An acceptable answer repeats exactly the line with "(* Jensen's inequality" and each line after it through the end of the entries, and includes nothing else.
-- Opening Marker --
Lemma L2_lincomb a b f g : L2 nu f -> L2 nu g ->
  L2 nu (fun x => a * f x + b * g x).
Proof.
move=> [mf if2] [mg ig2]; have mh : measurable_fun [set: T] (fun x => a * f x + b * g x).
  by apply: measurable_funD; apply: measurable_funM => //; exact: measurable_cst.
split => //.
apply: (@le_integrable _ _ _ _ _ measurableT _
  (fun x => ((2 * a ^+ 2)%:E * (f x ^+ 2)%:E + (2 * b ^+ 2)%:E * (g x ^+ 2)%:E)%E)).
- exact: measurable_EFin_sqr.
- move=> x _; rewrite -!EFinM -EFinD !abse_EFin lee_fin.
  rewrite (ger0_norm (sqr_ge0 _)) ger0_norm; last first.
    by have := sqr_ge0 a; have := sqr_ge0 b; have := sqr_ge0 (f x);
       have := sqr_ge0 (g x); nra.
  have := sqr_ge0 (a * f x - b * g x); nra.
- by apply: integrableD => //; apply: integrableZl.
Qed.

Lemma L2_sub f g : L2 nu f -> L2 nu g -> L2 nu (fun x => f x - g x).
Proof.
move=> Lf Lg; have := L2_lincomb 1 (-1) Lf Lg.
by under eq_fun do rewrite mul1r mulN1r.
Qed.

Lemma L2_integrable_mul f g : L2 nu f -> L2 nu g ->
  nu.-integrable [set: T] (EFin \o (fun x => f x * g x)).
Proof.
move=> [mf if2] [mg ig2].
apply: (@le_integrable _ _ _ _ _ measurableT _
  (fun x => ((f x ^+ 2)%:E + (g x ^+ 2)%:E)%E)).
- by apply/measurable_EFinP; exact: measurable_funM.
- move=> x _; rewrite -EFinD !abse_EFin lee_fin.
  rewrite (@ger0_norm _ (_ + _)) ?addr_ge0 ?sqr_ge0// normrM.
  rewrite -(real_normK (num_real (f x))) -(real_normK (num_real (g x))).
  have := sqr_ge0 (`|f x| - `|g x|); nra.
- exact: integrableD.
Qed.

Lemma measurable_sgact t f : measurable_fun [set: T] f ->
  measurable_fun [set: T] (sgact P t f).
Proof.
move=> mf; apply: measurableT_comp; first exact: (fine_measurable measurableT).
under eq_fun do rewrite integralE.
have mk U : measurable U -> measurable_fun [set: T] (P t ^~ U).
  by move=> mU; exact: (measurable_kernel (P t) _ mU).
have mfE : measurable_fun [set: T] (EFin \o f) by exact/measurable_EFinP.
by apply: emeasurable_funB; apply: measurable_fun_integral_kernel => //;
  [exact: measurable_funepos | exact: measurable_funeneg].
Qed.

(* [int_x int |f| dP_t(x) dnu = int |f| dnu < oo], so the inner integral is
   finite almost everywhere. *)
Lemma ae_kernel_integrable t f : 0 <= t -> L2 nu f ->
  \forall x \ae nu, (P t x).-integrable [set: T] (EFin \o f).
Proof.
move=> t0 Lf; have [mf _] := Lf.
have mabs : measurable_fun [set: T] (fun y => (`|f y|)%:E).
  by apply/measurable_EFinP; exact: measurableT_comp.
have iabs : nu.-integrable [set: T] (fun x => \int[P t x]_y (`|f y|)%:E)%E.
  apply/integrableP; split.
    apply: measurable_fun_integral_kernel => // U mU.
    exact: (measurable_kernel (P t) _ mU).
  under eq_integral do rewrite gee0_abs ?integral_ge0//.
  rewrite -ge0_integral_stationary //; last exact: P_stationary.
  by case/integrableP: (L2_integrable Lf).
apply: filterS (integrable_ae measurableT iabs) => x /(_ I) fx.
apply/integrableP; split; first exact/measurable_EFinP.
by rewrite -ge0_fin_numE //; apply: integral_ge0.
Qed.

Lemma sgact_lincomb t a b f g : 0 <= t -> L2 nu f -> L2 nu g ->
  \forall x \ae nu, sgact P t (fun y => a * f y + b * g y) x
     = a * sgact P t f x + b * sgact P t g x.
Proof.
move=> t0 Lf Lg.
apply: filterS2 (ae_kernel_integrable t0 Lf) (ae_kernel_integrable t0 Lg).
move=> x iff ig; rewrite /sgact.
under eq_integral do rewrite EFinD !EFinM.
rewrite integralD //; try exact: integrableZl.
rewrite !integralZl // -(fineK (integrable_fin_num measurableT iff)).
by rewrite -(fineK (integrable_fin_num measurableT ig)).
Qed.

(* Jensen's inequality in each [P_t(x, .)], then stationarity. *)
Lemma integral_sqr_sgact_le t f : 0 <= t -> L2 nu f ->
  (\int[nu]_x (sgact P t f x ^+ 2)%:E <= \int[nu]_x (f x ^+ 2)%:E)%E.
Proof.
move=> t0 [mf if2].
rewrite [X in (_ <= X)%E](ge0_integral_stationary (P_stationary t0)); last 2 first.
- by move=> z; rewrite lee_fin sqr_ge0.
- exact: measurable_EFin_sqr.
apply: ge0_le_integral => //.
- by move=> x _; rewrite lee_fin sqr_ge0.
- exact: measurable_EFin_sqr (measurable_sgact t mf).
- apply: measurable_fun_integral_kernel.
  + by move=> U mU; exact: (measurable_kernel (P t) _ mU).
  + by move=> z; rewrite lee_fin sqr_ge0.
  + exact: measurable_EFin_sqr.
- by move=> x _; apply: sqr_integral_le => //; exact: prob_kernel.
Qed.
-- Closing Marker --
● TASK RESULT:
(* Jensen's inequality in each [P_t(x, .)], then stationarity. *)
Lemma integral_sqr_sgact_le t f : 0 <= t -> L2 nu f ->
  (\int[nu]_x (sgact P t f x ^+ 2)%:E <= \int[nu]_x (f x ^+ 2)%:E)%E.
Proof.
move=> t0 [mf if2].
rewrite [X in (_ <= X)%E](ge0_integral_stationary (P_stationary t0)); last 2 first.
- by move=> z; rewrite lee_fin sqr_ge0.
- exact: measurable_EFin_sqr.
apply: ge0_le_integral => //.
- by move=> x _; rewrite lee_fin sqr_ge0.
- exact: measurable_EFin_sqr (measurable_sgact t mf).
- apply: measurable_fun_integral_kernel.
  + by move=> U mU; exact: (measurable_kernel (P t) _ mU).
  + by move=> z; rewrite lee_fin sqr_ge0.
  + exact: measurable_EFin_sqr.
- by move=> x _; apply: sqr_integral_le => //; exact: prob_kernel.
Qed.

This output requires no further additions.